Definition is_symplectic_form (p n : nat) (theta : 'cV['F_p]_n -> 'cV['F_p]_n -> 'F_p) : Prop :=
  (forall a u v w, theta (a *: u + v) w = a * theta u w + theta v w) /\
  (forall a u v w, theta u (a *: v + w) = a * theta u v + theta u w) /\
  (forall v, theta v v = 0) /\
  (forall v, (forall w, theta v w = 0) -> v = 0).

Definition in_Sp (p n : nat) (theta : 'cV['F_p]_n -> 'cV['F_p]_n -> 'F_p) (g : 'M['F_p]_n) : Prop :=
  g \in unitmx /\ forall v w, theta (g *m v) (g *m w) = theta v w.

Definition is_Lagrangian (p n : nat) (theta : 'cV['F_p]_n -> 'cV['F_p]_n -> 'F_p)
  (W : {set 'cV['F_p]_n}) : Prop :=
  0 \in W /\ (forall a v w, v \in W -> w \in W -> a *: v + w \in W) /\
  (forall v, v \in W <-> (forall w, w \in W -> theta v w = 0)).

(* R is a commutative Z[mu_{4p^oo}, 1/sqrt p]-algebra: a compatible system of
   primitive 4p^k-th roots of unity (roots of the cyclotomic polynomials) and
   p invertible (equivalently sqrt p invertible). *)
Definition Zmu_sqrtp_algebra (R : comPzRingType) (p : nat) : Prop :=
  (exists zeta : nat -> R, forall k,
      \sum_(i < size 'Phi_(4 * p ^ k)) (('Phi_(4 * p ^ k))`_i)%:~R * zeta k ^+ i = 0 /\
      zeta k.+1 ^+ p = zeta k) /\
  exists u : R, u * p%:R = 1.

Definition is_inj_char (R : comPzRingType) (p N : nat) (nu : 'Z_(p ^ N) -> R) : Prop :=
  (forall a b, nu (a + b) = nu a * nu b) /\ nu 0 = 1 /\ injective nu.

Definition Rlinear (R : comPzRingType) (M M' : lmodType R) (f : M -> M') : Prop :=
  forall (a : R) x y, f (a *: x + y) = a *: f x + f y.

Definition is_fg_projective (R : comPzRingType) (M : lmodType R) : Prop :=
  exists m (i : M -> 'rV[R]_m) (pi : 'rV[R]_m -> M),
    Rlinear i /\ Rlinear pi /\ forall x, pi (i x) = x.

Definition is_heis_rep (R : comPzRingType) (p N n : nat)
  (theta : 'cV['F_p]_n -> 'cV['F_p]_n -> 'F_p) (M : lmodType R)
  (rho : heis p N n -> M -> M) : Prop :=
  (forall h, Rlinear (rho h)) /\
  (forall h1 h2 x, rho (heis_mul theta h1 h2) x = rho h1 (rho h2 x)) /\
  (forall x, rho (0, 0) x = x).

Definition hom_H (R : comPzRingType) (p N n : nat)
  (theta : 'cV['F_p]_n -> 'cV['F_p]_n -> 'F_p) (M M' : lmodType R)
  (rho : heis p N n -> M -> M) (rho' : heis p N n -> M' -> M') (f : M -> M') : Prop :=
  Rlinear f /\ forall h x, f (rho h x) = rho' h (f x).

Definition is_heisenberg_rep (R : comPzRingType) (p N n : nat)
  (theta : 'cV['F_p]_n -> 'cV['F_p]_n -> 'F_p) (nu : 'Z_(p ^ N) -> R)
  (M : lmodType R) (rho : heis p N n -> M -> M) : Prop :=
  is_heis_rep theta rho /\
  (forall c x, rho (c, 0) x = nu c *: x) /\
  is_fg_projective M /\
  (forall f : M -> M, hom_H theta rho rho f -> exists r : R, forall x, f x = r *: x) /\
  (forall r : R, (forall x : M, r *: x = 0) -> r = 0).

(* eta_{nu,W} = ind_{C x W}^{C~V} (nu x 1): the functions f on C~V with
   f((c,w)h) = nu(c) f(h), with C~V acting by right translation. *)
Definition in_etaW (R : comPzRingType) (p N n : nat)
  (theta : 'cV['F_p]_n -> 'cV['F_p]_n -> 'F_p) (nu : 'Z_(p ^ N) -> R)
  (W : {set 'cV['F_p]_n}) (f : {ffun heis p N n -> R}) : Prop :=
  forall c w h, w \in W -> f (heis_mul theta (c, w) h) = nu c * f h.

Definition rtrans (R : comPzRingType) (p N n : nat)
  (theta : 'cV['F_p]_n -> 'cV['F_p]_n -> 'F_p) (h : heis p N n)
  (f : {ffun heis p N n -> R}) : {ffun heis p N n -> R} :=
  [ffun x => f (heis_mul theta x h)].

Definition lincomb (R : comPzRingType) (T : finType) (a : R) (f g : {ffun T -> R}) :
  {ffun T -> R} := [ffun x => a * f x + g x].

Definition is_weil_model (R : comPzRingType) (p N n : nat)
  (theta : 'cV['F_p]_n -> 'cV['F_p]_n -> 'F_p) (nu : 'Z_(p ^ N) -> R)
  (W : {set 'cV['F_p]_n})
  (omW : 'M['F_p]_n -> {ffun heis p N n -> R} -> {ffun heis p N n -> R}) : Prop :=
  (forall g, in_Sp theta g ->
     (forall f, in_etaW theta nu W f -> in_etaW theta nu W (omW g f)) /\
     (forall a f1 f2, in_etaW theta nu W f1 -> in_etaW theta nu W f2 ->
        omW g (lincomb a f1 f2) = lincomb a (omW g f1) (omW g f2)) /\
     (forall (x : 'F_p) v f, in_etaW theta nu W f ->
        omW g (rtrans theta (iota_mu N x, v) f)
        = rtrans theta (iota_mu N x, g *m v) (omW g f))) /\
  (forall g1 g2 f, in_Sp theta g1 -> in_Sp theta g2 -> in_etaW theta nu W f ->
     omW (g1 *m g2) f = omW g1 (omW g2 f)) /\
  (forall f, in_etaW theta nu W f -> omW 1%:M f = f).

Definition homW (R : comPzRingType) (p N n : nat)
  (theta : 'cV['F_p]_n -> 'cV['F_p]_n -> 'F_p) (nu : 'Z_(p ^ N) -> R)
  (W : {set 'cV['F_p]_n}) (M : lmodType R) (rho : heis p N n -> M -> M)
  (phi : {ffun heis p N n -> R} -> M) : Prop :=
  (forall a f1 f2, in_etaW theta nu W f1 -> in_etaW theta nu W f2 ->
     phi (lincomb a f1 f2) = a *: phi f1 + phi f2) /\
  (forall h f, in_etaW theta nu W f -> phi (rtrans theta h f) = rho h (phi f)).

(* omega is the Weil representation associated to (M, rho): it is the
   transport of omega_W (x) 1 along the evaluation isomorphism
   eta_W (x) Hom(eta_W, M) -> M, i.e. omega(g)(phi(f)) = phi(omega_W(g) f). *)
Definition is_assoc_weil (R : comPzRingType) (p N n : nat)
  (theta : 'cV['F_p]_n -> 'cV['F_p]_n -> 'F_p) (nu : 'Z_(p ^ N) -> R)
  (W : {set 'cV['F_p]_n})
  (omW : 'M['F_p]_n -> {ffun heis p N n -> R} -> {ffun heis p N n -> R})
  (M : lmodType R) (rho : heis p N n -> M -> M) (om : 'M['F_p]_n -> M -> M) : Prop :=
  forall g, in_Sp theta g ->
    Rlinear (om g) /\
    forall phi, homW theta nu W rho phi ->
      forall f, in_etaW theta nu W f -> om g (phi f) = phi (omW g f).

Definition hom_SpH (R : comPzRingType) (p N n : nat)
  (theta : 'cV['F_p]_n -> 'cV['F_p]_n -> 'F_p) (M M' : lmodType R)
  (rho : heis p N n -> M -> M) (rho' : heis p N n -> M' -> M')
  (om : 'M['F_p]_n -> M -> M) (om' : 'M['F_p]_n -> M' -> M') (f : M -> M') : Prop :=
  hom_H theta rho rho' f /\
  forall g x, in_Sp theta g -> f (om g x) = om' g (f x).

From HB Require Import structures.
From mathcomp Require Import all_boot all_order all_algebra all_field ring.
Import GRing.Theory.
Local Open Scope ring_scope.
Set Implicit Arguments. Unset Strict Implicit. Unset Printing Implicit Defensive.

(* An [R(C~V)]-intertwiner [f : M -> M'] commutes with the Weil actions on the
   image of every [R(C~V)]-map [phi : eta_W -> M]: there [omega(g) phi = phi omega_W(g)],
   and [f \o phi] is again such a map. These images span [M]: for the convolutions
   [phi_z F = sum_h F(h) rho(h^-1) z] and the function [F0 : (c, v) |-> nu(c) 1_W(v)]
   of [eta_W], the vectors [phi_{rho(0,-v) x} (F0 translated by (0,v))] sum to
   [p^(N+n) x], by orthogonality of the characters [v |-> chi(theta u v)], where
   [chi = nu o iota_mu]. That orthogonality needs [sum_k chi k = 0] in [R], which the
   hypotheses on [nu] do not give; it is forced by the Weil model: with
   [e = (1/p) sum_k chi k], which absorbs every [chi k], a transvection along
   [v \notin W] makes [e F0] invariant under [(0, v)], whence [e = 0]. *)

Section RLinear.
Variables (R : comPzRingType) (M M' : lmodType R) (f : M -> M').
Hypothesis f_lin : Rlinear f.

Lemma Rlinear0 : f 0 = 0.
Proof.
have := f_lin 1 0 0; rewrite !scale1r addr0 => f00.
by apply: (addrI (f 0)); rewrite addr0 -f00.
Qed.

Lemma RlinearD x y : f (x + y) = f x + f y.
Proof. by have := f_lin 1 x y; rewrite !scale1r. Qed.

Lemma RlinearZ a x : f (a *: x) = a *: f x.
Proof. by have := f_lin a x 0; rewrite !addr0 Rlinear0 addr0. Qed.

Lemma Rlinear_sum (I : finType) (G : I -> M) : f (\sum_i G i) = \sum_i f (G i).
Proof.
apply: (big_rec2 (fun x y => f x = y)); first exact: Rlinear0.
by move=> i x y _ <-; rewrite RlinearD.
Qed.

End RLinear.

Section Symplectic.
Variables (p n : nat) (theta : 'cV['F_p]_n -> 'cV['F_p]_n -> 'F_p).
Hypothesis symp : is_symplectic_form theta.
Local Notation V := 'cV['F_p]_n.

Lemma theta_linearl w : Rlinear (fun u : V => theta u w : ('F_p)^o).
Proof. by move=> a u v; apply: symp.1. Qed.

Lemma theta_linearr u : Rlinear (theta u : V -> ('F_p)^o).
Proof. by move=> a v w; apply: symp.2.1. Qed.

Lemma theta0l w : theta 0 w = 0. Proof. exact: (Rlinear0 (theta_linearl w)). Qed.
Lemma theta0r u : theta u 0 = 0. Proof. exact: (Rlinear0 (theta_linearr u)). Qed.
Lemma thetaDl u v w : theta (u + v) w = theta u w + theta v w.
Proof. exact: (RlinearD (theta_linearl w)). Qed.
Lemma thetaDr u v w : theta u (v + w) = theta u v + theta u w.
Proof. exact: (RlinearD (theta_linearr u)). Qed.
Lemma thetaZl a u w : theta (a *: u) w = a * theta u w.
Proof. exact: (RlinearZ (theta_linearl w)). Qed.
Lemma thetaZr a u w : theta u (a *: w) = a * theta u w.
Proof. exact: (RlinearZ (theta_linearr u)). Qed.
Lemma thetaNl u w : theta (- u) w = - theta u w.
Proof. by rewrite -scaleN1r thetaZl mulN1r. Qed.
Lemma thetaNr u w : theta u (- w) = - theta u w.
Proof. by rewrite -scaleN1r thetaZr mulN1r. Qed.

Lemma theta_self v : theta v v = 0. Proof. exact: symp.2.2.1. Qed.

Lemma theta_anti u w : theta w u = - theta u w.
Proof.
apply/eqP; rewrite -addr_eq0 addrC.
by have := theta_self (u + w); rewrite thetaDl !thetaDr !theta_self add0r addr0 => ->.
Qed.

→ Instructions for the task: Task for the records above: copy every line in which the word "orthogonality" occurs.

→ Output for this task:
   [p^(N+n) x], by orthogonality of the characters [v |-> chi(theta u v)], where
   [chi = nu o iota_mu]. That orthogonality needs [sum_k chi k = 0] in [R], which the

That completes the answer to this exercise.